Зловеще шипело. Клешни медленно размыкались, выпуская пойманную добычу. Томительная пауза тянулась целую вечность…
В какой-то момент показалось, что…
– Назад!!! – визгнула Аглая.
Ипат не понял. Что-то мелькнуло перед глазами – зелёное, скользкое – сильно дало в грудь, в воздухе со свистом пролетело.
Б-А-Х!!!
Гарпун вонзился в стену, отчего прибор ночного видения сорвался, с хрустом брякнулся. Стекляшки от объектива разлетелись вокруг.
Тут и Федорушка завопил:
– Убёгла, окаянная!
Ипат опомнился почти сразу, но момент был упущен – клешни опустели.

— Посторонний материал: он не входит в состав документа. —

(* If the sequences agreed, the budget would not bind at step [j] (as [t_k > 0]),
   so some [i] in [u_j] would be a bottleneck for [x]; [y i < x i] then rules it
   out as a bottleneck for [y], and [i \in u_k] would leave no supply of [i] for
   step [k]. *)
Lemma tseq_raise_preferred us b y x j k : 0 <= b -> (forall i, 0 <= y i) ->
  (forall i, y i <= x i) -> (j < k)%N -> (k < size us)%N -> 0 < (tseq us b y)`_k ->
  (forall i, i \in nth set0 us j -> i \in nth set0 us k \/ y i < x i) ->
  tseq us b x <> tseq us b y.
Proof.
elim: us b y x j k => [//|u us IH] b y x j k b0 y0 yx.
case: k => [//|k] jk kl tk Hj.
have tb := step_weight_lt_budget b0 y0 tk.
move: tk; rewrite !tseq_cons /= => tk [Eh Et].
have b'0 := budget_rest_ge0 u y b0; have y'0 := step_rest_ge0 u b0 y0.
case: j jk Hj => [|j] jk Hj /=; last first.
  apply: (IH (b - step_weight u b y) (step_rest u (step_weight u b y) y)
             (step_rest u (step_weight u b y) x) j k) => //.
  - by move=> i; rewrite /step_rest; case: ifP => _; rewrite ?lerD2r yx.
  - move=> i ij; case: (Hj i ij) => [->|lt]; [by left | right].
    by rewrite /step_rest; case: ifP => _; rewrite ?ltrD2r.
  - by move: Et; rewrite Eh.
move: Eh; have [->|[i iu ->]] := step_weight_attained u b x.
  by move=> E; move: tb; rewrite -E ltxx.
move=> E; have [ik|lt] := Hj i iu; last first.
  by have := step_weight_le b y iu; rewrite -E leNgt lt.
have yi : y i = step_weight u b y by apply/eqP; rewrite eq_le step_weight_le // andbT -E yx.
have rest0 : step_rest u (step_weight u b y) y i = 0 by rewrite /step_rest iu yi subrr.
by have := tseq_le b'0 y'0 (kl : (k < size us)%N) ik; rewrite rest0 leNgt tk.
Qed.

Lemma tseq_gt0_not_subset us b y j k : 0 <= b -> (forall i, 0 <= y i) ->
  (j < k)%N -> (k < size us)%N -> 0 < (tseq us b y)`_k ->
  ~~ (nth set0 us j \subset nth set0 us k).
Proof.
move=> b0 y0 jk kl tk; apply/negP => sub.
apply: (tseq_raise_preferred b0 y0 (x := y) _ jk kl tk) => // i ij.
by left; apply: (subsetP sub).
Qed.

Lemma greedy_choice_ind us y k : (forall i, 0 <= y i) ->
  (k < size us)%N -> 0 < (tseq us 1 y)`_k ->
  greedy_choice us 1 (ind R (nth set0 us k)) = ind R (nth set0 us k).
Proof.
move=> y0 kl tk; set U := nth set0 us k.
have U0 : forall i, 0 <= ind R U i by move=> i; case/andP: (ind01 U i).
have earlier_out : forall j, (j < k)%N -> exists2 i, i \in nth set0 us j & ind R U i = 0.
  move=> j jk; have /subsetPn [i ij iU] := tseq_gt0_not_subset ler01 y0 jk kl tk.
  by exists i; rewrite // /ind (negbTE iU).
have U1 : forall i, i \in U -> 1 <= ind R U i by move=> i iU; rewrite /ind iU.
apply: functional_extensionality => w.
by rewrite (greedy_choice_single ler01 U0 kl earlier_out U1) mul1r.
Qed.

Lemma exists_pos_lower_bound (P : pred W) (g : W -> R) :
  (forall i, P i -> 0 < g i) -> exists2 e, 0 < e & forall i, P i -> e <= g i.
Proof.
move=> gP; exists (\big[Order.min/1]_(i | P i) g i); first exact: lt_bigmin.
by move=> i Pi; apply: bigmin_le_cond.
Qed.

End Greedy.

Section Market.
Variables (R : realFieldType) (F W : finType) (G : market F W).
Implicit Types (M : pmatching R F W) (f : F) (g : option F) (x y A : W -> R).

Lemma chhatE f x : chhat G (Some f) x = greedy_choice (acc_list G f) 1 x.
Proof. by []. Qed.

Lemma chhat_tseqf f x y :
  tseqf G f x = tseqf G f y -> chhat G (Some f) x = chhat G (Some f) y.
Proof. by rewrite /chhat => ->. Qed.

Definition weakly_below f w g := (g == Some f) || wpref G w (Some f) g.

Lemma weakly_below_self f w : weakly_below f w (Some f).
Proof. by rewrite /weakly_below eqxx. Qed.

Из глубины коридора слышался быстро удаляющийся топот.
– Я! Я догоню! – вызвалась Сифа.
Ипат её осадил, сунул радиопередатчик, сам взял другой, Аглае скомандывал: «Вниз!», Федорушке: «Вверх!» и начал облаву.

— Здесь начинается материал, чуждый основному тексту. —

(* Charts of V^(n) = (alpha^{n-1})^*V (x) ... (x) alpha^*V (x) V:            *)
(* indexed by t : nat -> I (only t 0, ..., t (n-1) matter).                  *)
Definition Un (X : Type) (I : Type) (alpha : X -> X) (U : I -> set X)
  (n : nat) (t : nat -> I) : set X :=
  [set x | forall l, (l < n)%N -> U (t l) (iter l alpha x)].

Definition gn (R : realType) (X : Type) (I : Type) (alpha : X -> X)
  (g : I -> I -> X -> R[i]) (n : nat) (t t' : nat -> I) (x : X) : R[i] :=
  \prod_(l < n) g (t l) (t' l) (iter l alpha x).

Definition shiftn (I : Type) (i : nat) (t : nat -> I) : nat -> I :=
  fun l => t (l + i)%N.

Definition fiber (R : realType) (X : Type) (I : Type) (alpha : X -> X)
  (U : I -> set X) (g : I -> I -> X -> R[i]) (n : nat) (x : X)
  (v : (nat -> I) -> R[i]) : Prop :=
  forall t t', Un alpha U n t x -> Un alpha U n t' x ->
    v t = gn alpha g n t t' x * v t'.

Definition fiber_eq (R : realType) (X : Type) (I : Type) (alpha : X -> X)
  (U : I -> set X) (n : nat) (x : X) (v w : (nat -> I) -> R[i]) : Prop :=
  forall t, Un alpha U n t x -> v t = w t.

Definition is_section (R : realType) (X : topologicalType) (I : Type)
  (alpha : X -> X) (U : I -> set X) (g : I -> I -> X -> R[i]) (n : nat)
  (G : X -> (nat -> I) -> R[i]) : Prop :=
  (forall x, fiber alpha U g n x (G x)) /\
  (forall t, ccontinuous_within (Un alpha U n t) (fun x => G x t)).

(* sig is a continuous section of End(D^(n)) restricted to A, where         *)
(* D^(n) = V^(0) (+) ... (+) V^(n-1); in the chart t (trivialising all the   *)
(* V^(p), p < n, at once) sig x t is the n x n matrix (entries p q, p,q < n) *)
(* of sig(x); the matrices transform by conjugation with the diagonal        *)
(* transition matrix diag(gn p t t' x)_p.                                    *)
Definition end_section (R : realType) (X : topologicalType) (I : Type)
  (alpha : X -> X) (U : I -> set X) (g : I -> I -> X -> R[i]) (n : nat)
  (A : set X) (sig : X -> (nat -> I) -> nat -> nat -> R[i]) : Prop :=
  (forall x t t' p q, A x -> Un alpha U n t x -> Un alpha U n t' x ->
     (p < n)%N -> (q < n)%N ->
     sig x t p q * gn alpha g q t t' x = gn alpha g p t t' x * sig x t' p q) /\
  (forall t p q, (p < n)%N -> (q < n)%N ->
     ccontinuous_within (A `&` Un alpha U n t) (fun x => sig x t p q)).

(* m-th subdiagonal matrix representation: sig(x) maps V^(q) into V^(q+m)   *)
(* (into 0 when q+m >= n), i.e. the q-th column is supported on row q+m.     *)
Definition subdiag (R : realType) (X : Type) (I : Type) (alpha : X -> X)
  (U : I -> set X) (n m : nat) (A : set X)
  (sig : X -> (nat -> I) -> nat -> nat -> R[i]) : Prop :=
  forall x t p q, A x -> Un alpha U n t x -> (p < n)%N -> (q < n)%N ->
    p != (q + m)%N -> sig x t p q = 0.

(* w is sig^(i)(x) \in V^(m)_{alpha^i x}: for i < n - m it is the unique w   *)
(* with sig(x) v = w (x) v for all v \in V^(i)_x (using                      *)
(* V^(i+m)_x = V^(m)_{alpha^i x} (x) V^(i)_x, whose coordinates in chart t  *)
(* are w (shiftn i t) * v t); for n - m <= i it is 0.                        *)
Definition sub_comp (R : realType) (X : Type) (I : Type) (alpha : X -> X)
  (U : I -> set X) (g : I -> I -> X -> R[i]) (n m : nat)
  (sig : X -> (nat -> I) -> nat -> nat -> R[i]) (x : X) (i : nat)
  (w : (nat -> I) -> R[i]) : Prop :=
  fiber alpha U g m (iter i alpha x) w /\
  (if (i + m < n)%N then
     forall (v : (nat -> I) -> R[i]) t, fiber alpha U g i x v ->
       Un alpha U n t x -> sig x t (i + m)%N i * v t = w (shiftn i t) * v t
   else fiber_eq alpha U m (iter i alpha x) w (fun _ => 0)).

(* R_s = r_{t_1} + ... + r_{t_s} (0-based list ts = [t_1; ...; t_p]) *)
Definition Rs (r : nat -> nat) (ts : seq nat) (s : nat) : nat :=
  (\sum_(j < s) r (nth 0%N ts j))%N.

Definition boundary_decomp (R : realType) (X : topologicalType) (I : Type)
  (alpha : X -> X) (U : I -> set X) (Y : set X) (K : nat) (r : nat -> nat)
  (sig : nat -> X -> (nat -> I) -> nat -> nat -> R[i]) : Prop :=
  forall k x, (1 <= k <= K)%N -> closure (Yk alpha Y r k) x ->
    ~ Yk alpha Y r k x ->
    exists ts : seq nat,
      [/\ all (fun t => (1 <= t < k)%N) ts,
          (\sum_(t <- ts) r t)%N = r k,
          forall s, (s < size ts)%N ->
            Yk alpha Y r (nth 0%N ts s) (iter (Rs r ts s) alpha x) &
          forall s t p q, (s < size ts)%N -> Un alpha U (r k) t x ->
            (Rs r ts s <= q < Rs r ts s.+1)%N -> (p < r k)%N ->
            sig k x t p q =
              if (Rs r ts s <= p < Rs r ts s.+1)%N then
                sig (nth 0%N ts s) (iter (Rs r ts s) alpha x)
                    (shiftn (Rs r ts s) t) (p - Rs r ts s)%N (q - Rs r ts s)%N
              else 0].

Такой вариант предусматривался. Согласно ему, жертву следовало гнать к заранее оговоренной точке окольными путями, чтобы сойтись всем вместе в один и тот же момент и там повязать Рыбу окончательно. Она, конечно, могла уйти и на улицу, но такой исход представлялся неприемлемым. Вернее, его просто не хотели представлять – слишком трагично он выглядел. Забаррикадируй ловцы уличный выход чем-нибудь тяжёлым изнутри, Рыба спокойно бы просочилась сквозь щели и оттуда, уплотнив пробку, похоронила бы участников экспедиции заживо. Дополнительных выходов на поверхность не существовало.
Федорушка выскочил на улицу, осмотрелся и понял, что им повезло. Следы рыбьего хвоста, равно как и плавников, отсутствовали напрочь. Снег демонстрировал только отпечатки аглаиных кед, сифиных босоножек, ипатовых сапожищ и собственных федорушкиных лаптей.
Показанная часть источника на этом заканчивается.